Microsoft Is Closer to Realising the Surface Duo’s Gaming Potential

Microsoft Is Closer to Realising the Surface Duo’s Gaming Potential
Contributor: Sam Rutherford

Microsoft is closer to turning the the Surface Duo into the mobile gaming machine many hoped it would be with new support for custom layouts when using Xbox Touch Controls in the Xbox Game Pass Ultimate.

After releasing the Surface Duo last year, Microsoft added support for Xbox Touch Controls to mobile devices in the Xbox Game Pass app. But when it came to the Surface Duo, those controls didn’t really full take advantage of the Duo’s unique design.

But with this new update, not only is Microsoft giving the Surface Duo support for custom layouts in the Xbox Game Pass Ultimate app, it’s also getting a few enhancements that will allow games to make better use of the Duo’s dual screens and its wider aspect ratio display.

Microsoft says that when holding the Surface Duo in Compose Mode (which is with one screen on top and one screen on bottom where the touch controls would be), you’ll be able to create custom control layouts for more than 50 games available via Xbox Game Pass Ultimate.

You’ll also be able to use custom controls to view content, navigate through menus, and even create button setups with columned layouts.
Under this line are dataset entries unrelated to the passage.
(* Let $P_n(x)$ be a real polynomial all of whose roots are real, with distinct roots $p_1<\dots<p_m$ of multiplicities $r_1,\dots,r_m$. Put $t_k=\sum_{l=1}^m r_lp_l^k$, $H_m=[t_{i+j-2}]_{i,j=1}^m$, and $\mathbf p_i=[1,p_i,\dots,p_i^{m-1}]$ (row vector). Then for all $i,j\in\{1,\dots,m\}$, $$r_j^{-1}-r_i^{-1}=(\mathbf p_j+\mathbf p_i)\,H_m^{-1}\,(\mathbf p_j-\mathbf p_i)^T.$$ *)

From HB Require Import structures.
From mathcomp Require Import all_boot all_order all_algebra.
From mathcomp Require Import all_reals.
Set Implicit Arguments. Unset Strict Implicit. Unset Printing Implicit Defensive.
Import Order.TTheory GRing.Theory Num.Theory.
Local Open Scope ring_scope.

Definition tsum (R : realType) (m : nat) (p : 'I_m -> R) (r : 'I_m -> nat)
  (k : nat) : R := \sum_(l < m) (r l)%:R * p l ^+ k.

(* Hankel matrix H_m = [t_{i+j-2}]_{i,j=1..m}; with 0-based indices t_{i+j} *)
Definition hankel (R : realType) (m : nat) (p : 'I_m -> R) (r : 'I_m -> nat)
  : 'M[R]_m := \matrix_(i < m, j < m) tsum p r (i + j).

Definition vdm_row (R : realType) (m : nat) (x : R) : 'rV[R]_m :=
  \row_(k < m) x ^+ k.

(** With [V] the Vandermonde matrix whose rows are [p_1, ..., p_m] and [D = diag(r_1, ..., r_m)],
    the Hankel matrix factors as [H_m = V^T D V]. Hence [V H_m^-1 V^T = D^-1], and since [p_i] is
    the [i]-th row of [V], the bilinear form on the right-hand side is the form of [D^-1] evaluated
    at [e_j + e_i] and [e_j - e_i]; being diagonal, it yields [r_j^-1 - r_i^-1]. *)
From HB Require Import structures.
From mathcomp Require Import all_boot all_order all_algebra.
From mathcomp Require Import all_reals.
From mathcomp Require Import ring.
Set Implicit Arguments. Unset Strict Implicit. Unset Printing Implicit Defensive.
Import Order.TTheory GRing.Theory Num.Theory.
Local Open Scope ring_scope.

Lemma invmx_eq (R : comUnitRingType) (n : nat) (A B : 'M[R]_n) :
  A *m B = 1%:M -> invmx A = B.
Proof.
move=> AB1; have [A_unit _] := mulmx1_unit AB1.
by rewrite -[RHS](mulKmx A_unit) AB1 mulmx1.
Qed.

Lemma invmx_diag (F : fieldType) (n : nat) (d : 'rV[F]_n) :
  (forall k, d 0 k != 0) -> invmx (diag_mx d) = diag_mx (\row_k (d 0 k)^-1).
Proof.
move=> d_neq0; apply: invmx_eq; rewrite mulmx_diag.
by apply/matrixP => k l; rewrite !mxE divff.
Qed.

Lemma unitmx_diag (F : fieldType) (n : nat) (d : 'rV[F]_n) :
  (forall k, d 0 k != 0) -> diag_mx d \in unitmx.
Proof. by move=> d_neq0; rewrite unitmxE det_diag unitfE; apply/prodf_neq0. Qed.

Lemma mulmx_congr_invmx (R : comUnitRingType) (n : nat) (U D : 'M[R]_n) :
  U \in unitmx -> D \in unitmx -> U *m invmx (U^T *m D *m U) *m U^T = invmx D.
Proof.
move=> U_unit D_unit; set H := U^T *m D *m U.
have H_unit : H \in unitmx by rewrite !unitmx_mul unitmx_tr U_unit D_unit.
symmetry; apply/invmx_eq/mulmx1C.
rewrite -(mulmxK U_unit (_ *m D)) -(mulmxA _ D U) -(mulmxA _ U^T).
by rewrite (mulmxA U^T) -/H -(mulmxA U) mulVmx // mulmx1 mulmxV.
Qed.

Lemma diag_form_add_sub (R : comPzRingType) (n : nat) (c : 'rV[R]_n) (i j : 'I_n) :
  (('e_j + 'e_i : 'rV_n) *m diag_mx c *m ('e_j - 'e_i : 'rV_n)^T) 0 0 = c 0 j - c 0 i.
Proof.
have [-> | neq_ij] := eqVneq i j; first by rewrite !subrr trmx0 mulmx0 mxE.
rewrite raddfB /= mulmxDl !mulmxBr -!rowE !row_diag_mx !trmx_delta.
rewrite !mulmxDl -!scalemxAl !mul_delta_mx_cond (negPf neq_ij) eq_sym (negPf neq_ij).
by rewrite !eqxx !mxE /=; ring.
Qed.

Section VandermondeFactorization.

Variables (R : realType) (m : nat) (p : 'I_m -> R) (r : 'I_m -> nat).

Definition vdm_mx : 'M[R]_m := \matrix_(k, l) p k ^+ l.

Definition mult_row : 'rV[R]_m := \row_l (r l)%:R.

Lemma vdm_rowE (k : 'I_m) : vdm_row m (p k) = 'e_k *m vdm_mx.
Proof. by rewrite -rowE; apply/rowP => l; rewrite !mxE. Qed.

Lemma hankel_vdmE : hankel p r = vdm_mx^T *m diag_mx mult_row *m vdm_mx.
Proof.
apply/matrixP => k l; rewrite mul_mx_diag !mxE.
by apply: eq_bigr => q _; rewrite !mxE exprD mulrCA mulrA.
Qed.

Lemma vdm_mx_unit : injective p -> vdm_mx \in unitmx.
Proof.
move=> p_inj; have -> : vdm_mx = (Vandermonde m (\row_l p l))^T.
  by apply/matrixP => k l; rewrite !mxE.
rewrite unitmx_tr unitmxE det_Vandermonde unitfE.
apply/prodf_neq0 => k _; apply/prodf_neq0 => l lt_kl.
by rewrite !mxE subr_eq0 (inj_eq p_inj) gt_eqF.
Qed.

Lemma mult_row_neq0 : (forall l, 0 < r l)%N -> forall l, mult_row 0 l != 0.
Proof. by move=> r_gt0 l; rewrite mxE pnatr_eq0 -lt0n. Qed.

End VandermondeFactorization.

Theorem corollary1 (R : realType) (P : {poly R}) (m : nat)
  (p : 'I_m -> R) (r : 'I_m -> nat)
  (hP0 : P != 0)
  (hp : forall a b : 'I_m, (a < b)%N -> p a < p b)
  (hr : forall l : 'I_m, (0 < r l)%N)
  (hfact : P = lead_coef P *: \prod_(l < m) ('X - (p l)%:P) ^+ r l)
  (i j : 'I_m) :
  (r j)%:R^-1 - (r i)%:R^-1 =
  ((vdm_row m (p j) + vdm_row m (p i)) *m invmx (hankel p r)
     *m (vdm_row m (p j) - vdm_row m (p i))^T) 0 0.
Proof.
have p_inj : injective p.
  by move=> a b pab; case: (ltngtP a b) => [/hp|/hp|/val_inj //]; rewrite pab ltxx.
have mult_unit := unitmx_diag (mult_row_neq0 R hr).
rewrite !vdm_rowE -mulmxDl -mulmxBl trmx_mul hankel_vdmE !mulmxA.
rewrite -(mulmxA _ (vdm_mx p)) -(mulmxA _ (vdm_mx p *m _)).
rewrite mulmx_congr_invmx ?vdm_mx_unit // invmx_diag; last exact: mult_row_neq0 hr.
by rewrite diag_form_add_sub !mxE.
Qed.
And because Microsoft’s Xbox Touch Controls use the Duo’s displays as a virtual controller, you won’t need any outside accessories or add-ons, which means less stuff to carry around (though you will need a subscription to Xbox Game Pass Ultimate, of course).

Now at this point I know that there are only so many Surface Duo owners out there, but what makes this news a bit more interesting is that recently, retailers have started offering heavy discounts on the Surface Duo, bring down its $US1,400 ($1,796) launch price to around $US850 ($1,090) (or lower depending on the vendor). And at that price, the Duo starts to become an interesting option for people who want to stream AAA titles on the go, while also having a phone-tablet that can become a really great emulation device (with a little effort), in addition to being a solid machine for work and multi-tasking.

But considering the experimental nature of the Surface Duo and it being very much a first-gen product, I would probably wait for one or two more price drops before throwing money down myself. But if Microsoft can take what it’s learned after making the Surface Duo and Xbox Touch Controls and then roll that into future devices, we could be in for some very interesting gaming hardware that once again stretches the definition of an Xbox.